Santa Cruz Yellow Cab owner James Monroe also said that because of the high cost of hybrids, it’ll stick to a gasoline vehicle fleet — but if any owner-operators wish to buy hybrids, they’ll be supported.

Escape a ticket

Last year, I got a speeding ticket in Santa Cruz that was clocked by a radar gun. I always fight tickets, but especially this time, when a city bus was right on my little Hyundai’s tail and there was no way the police radar could tell us apart.

There are many books and Web sites that’ll tell you what to do, but beware of the later editions — there are outdated pyramid schemes selling the same old thing that isn’t state-specific.

One book — “Fight your Ticket and Win in California” by David Wayne Brown — seems state-specific enough and up to date. Just make sure you’re reading the latest edition.

One thing from that book that works for me is asking to have your case heard by a real judge. You have a right to that — a traffic court “judge” is just a lawyer appointed as a commissioner.

Once you get that appointment, the law enforcement officer who gave you a ticket has to show up in real, nontraffic court on a day that’s not designated specifically for his or her department, which lets them show up at traffic court during their regular work hours (Santa Cruz Police’s day is Tuesday, the California Highway Patrol’s is Thursday, etc.). It gets even worse for them when the appointment is on a day off: Most police departments won’t pay overtime for such an appearance, so officers have to go on their own time — and that seldom happens.

Once you go that route, extra administrative costs make the state and county lose money on your case — thus beating the morally questionable revenue-collecting aim of excessive traffic law enforcement.

• Lucjan Szewczyk, the Press-Banner’s photographer, is a part-time cab driver who commutes to Scotts Valley from San Jose.
comments (2)
« Lucjan wrote on Monday, Mar 01 at 01:48 PM »
If you go to this web site: http://www.santacruzcourt.org/Rules/index.htm

on the bottom is a link to PDF document 'Judicial Assignments 2010', and it differentiates between judges and commissioners.

Kim Baskett is listed as a commisioner.
« Bruce G wrote on Friday, Feb 26 at 02:00 PM »
I just finished going through with my ticket in Santa Cruz Traffic Court.

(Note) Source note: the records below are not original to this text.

Lemma Cclamp_trig_approx a b L d : 0 < d ->
  exists L', forall n, Cnorm2 (Cclamp a b (trig_sum L n) - trig_sum L' n)%C <= d.
Proof.
  intros Hd. set (x := fun n => fst (trig_sum L n)). set (R := coef_norm1 L + Rabs a + Rabs b + 1).
  assert (Hx : forall n, Rabs (x n) <= coef_norm1 L)
    by (intros; unfold x; eapply Rle_trans; [apply Rabs_fst_le | apply Cmod_trig_sum_le]).
  set (e := Rmin d 1).
  assert (He : 0 < e <= 1 /\ e <= d)
    by (unfold e; repeat split; [apply Rmin_glb_lt; lra | apply Rmin_r | apply Rmin_l]).
  pose proof (coef_norm1_nonneg L). pose proof (Rabs_pos a). pose proof (Rabs_pos b).
  assert (Hshift : forall c, Rabs c <= Rabs a + Rabs b -> forall n, Rabs (x n - c) <= R).
  { intros c Hc n. eapply Rle_trans; [apply Rabs_triang|]. rewrite Rabs_Ropp.
    specialize (Hx n). unfold R; lra. }
  assert (Hxc : forall c, real_trig (fun n => x n - c))
    by (intros; apply real_trig_plus; [apply real_trig_re | apply real_trig_const]).
  destruct (real_trig_abs_approx (fun n => x n - a) R e) as [q1 [Hq1 Hq1b]];
    [auto | unfold R; lra | apply Hshift; lra | lra |].
  destruct (real_trig_abs_approx (fun n => x n - b) R e) as [q2 [Hq2 Hq2b]];
    [auto | unfold R; lra | apply Hshift; lra | lra |].
  destruct (real_trig_scal (/2) _ (real_trig_plus _ _ (real_trig_plus _ _ (real_trig_const (a + b)) Hq1)
              (real_trig_scal (-1) _ Hq2))) as [L' HL'].
  exists L'. intros n. rewrite <- HL'.
  unfold Cclamp, clamp, Cnorm2, Cminus, Cplus, Copp, RtoC; simpl. fold (x n).
  specialize (Hq1b n); specialize (Hq2b n). apply Rabs_le_inv in Hq1b, Hq2b.
  set (D := (a + b + Rabs (x n - a) - Rabs (x n - b)) / 2 + - (/ 2 * (a + b + q1 n + -1 * q2 n))).
  assert (Rabs D <= e) by (unfold D; apply Rabs_le; lra). apply Rabs_le_inv in H2.
  replace ((0 + - 0) * (0 + - 0)) with 0 by ring. nra.
Qed.

Lemma Bes_msq_Cclamp Psi a b h : Bes_msq Psi h -> Bes_msq Psi (fun n => Cclamp a b (h n)).
Proof.
  intros Hh eps He. destruct (Hh (eps / 4)) as [L HL]; [lra|].
  destruct (Cclamp_trig_approx a b L (eps / 4)) as [L' HL']; [lra|].
  exists L'. eapply filter_imp; [|apply HL]. intros N HN.
  eapply Rle_trans; [apply (msq_triangle _ _ _ (fun n => Cclamp a b (trig_sum L n)))|].
  assert (msq (Psi N) (fun n => Cclamp a b (h n) - Cclamp a b (trig_sum L n))%C <= eps / 4).
  { eapply Rle_trans; [|apply HN]. apply msq_le. intros; apply Cnorm2_Cclamp_sub_le. }
  assert (msq (Psi N) (fun n => Cclamp a b (trig_sum L n) - trig_sum L' n)%C <= eps / 4).
  { eapply Rle_trans; [apply ravg_le; intros; apply HL'|]. apply ravg_const_le. lra. }
  lra.
Qed.

(* Clamping [h] towards a function [f] with values in [[a, b]] is an obtuse-angle projection, so
   [|h - clamp h|^2 <= - (f - h).(h - clamp h)], and the right-hand side vanishes by orthogonality. *)
Lemma Cclamp_correction_lim_0 Psi f h a b : a <= b -> (forall n, snd (f n) = 0 /\ a <= fst (f n) <= b) ->
  Bes_msq Psi h -> L2 Psi (fun n => f n - h n)%C -> fourier_null Psi (fun n => f n - h n)%C ->
  is_lim_seq (fun N => msq (Psi N) (fun n => h n - Cclamp a b (h n))%C) 0.
Proof.
  intros Hab Hf Hh HL HP.
  pose proof (inner_avg_Bes_lim_0 Psi _ (fun n => h n - Cclamp a b (h n))%C HL HP
                (Bes_msq_minus _ _ _ Hh (Bes_msq_Cclamp _ a b _ Hh))) as HO.
  apply (is_lim_seq_0_squeeze _
    (fun N => -1 * inner_avg (Psi N) (fun n => f n - h n)%C (fun n => h n - Cclamp a b (h n))%C)).
  - intros; apply msq_nonneg.
  - exists 0%nat; intros N _. unfold msq, inner_avg. rewrite <- ravg_scal. apply ravg_le. intros n _.
    destruct (Hf n) as [H1 H2]. unfold Cclamp, Cnorm2, Cminus, Cplus, Copp, RtoC; simpl.
    pose proof (clamp_obtuse a b (fst (h n)) (fst (f n)) Hab H2). rewrite H1. nra.
  - apply is_lim_seq_0_scal; auto.
Qed.

Lemma frequently_large_Clim_subseq (u : nat -> C) M r :
  eventually (fun n => Cmod (u n) <= M) -> frequently (fun n => r <= Cmod (u n)) ->
  exists s c, strictly_increasing s /\ Clim (fun k => u (s k)) c /\ r <= Cmod c.
Proof.
  intros HB Hf.
  destruct (extract_subseq (fun _ n => r <= Cmod (u n))) as [s1 [Hs1 Hp1]]; [intros k m; apply Hf|].
  destruct (bounded_Clim_subseq (fun k => u (s1 k)) M) as [s2 [c [Hs2 Hc]]].
  { destruct HB as [N HN]. exists N; intros n Hn. apply HN.
    pose proof (strictly_increasing_ge s1 Hs1 n); lia. }
  exists (fun k => s1 (s2 k)), c. split; [apply strictly_increasing_comp; auto|]. split; auto.
  destruct (Rle_lt_dec r (Cmod c)) as [|Hlt]; auto. exfalso.
  unfold Clim in Hc. rewrite is_lim_seq_eventually in Hc.
  destruct (Hc (r - Cmod c)) as [N HN]; [lra|]. specialize (HN N (Nat.le_refl _)).
  rewrite Rminus_0_r, Rabs_pos_eq in HN by apply Cmod_ge_0.
  specialize (Hp1 (s2 N)). pose proof (Cmod_triangle (u (s1 (s2 N)) - c) c) as Ht.
  replace (u (s1 (s2 N)) - c + c)%C with (u (s1 (s2 N))) in Ht by Cring. lra.
Qed.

My choice of days and times to enter a plea and for trial was on Thursdays only at either 8:30 am or 1:30 pm.

The cops that showed up, (there were 4 or 5 people who had there case dismissed because the cop didn't show up), were Santa Cruz Sheriffs, CHP, and SCSU cops. When there names were called they all stated if they were on duty and what shift they worked. The judge then called defendants based on this. Grave yard first, then off duty, etc.

So maybe the traffic court dates have been changed since you last went.

Also I believe that the judge in the traffic court is a real Santa Cruz judge and not a commissioner. Her name is Kim Bassett (?) (I might be spelling her name incorrectly), and from what I read on the SC Court web sight, SC judges rotate through their different departments including the traffic court. (In San Jose there are commissioners and I can't remember the name of the RUDE commissioner I was in front of a few years ago).

Anyway that's what I just experienced, for whatever it's worth.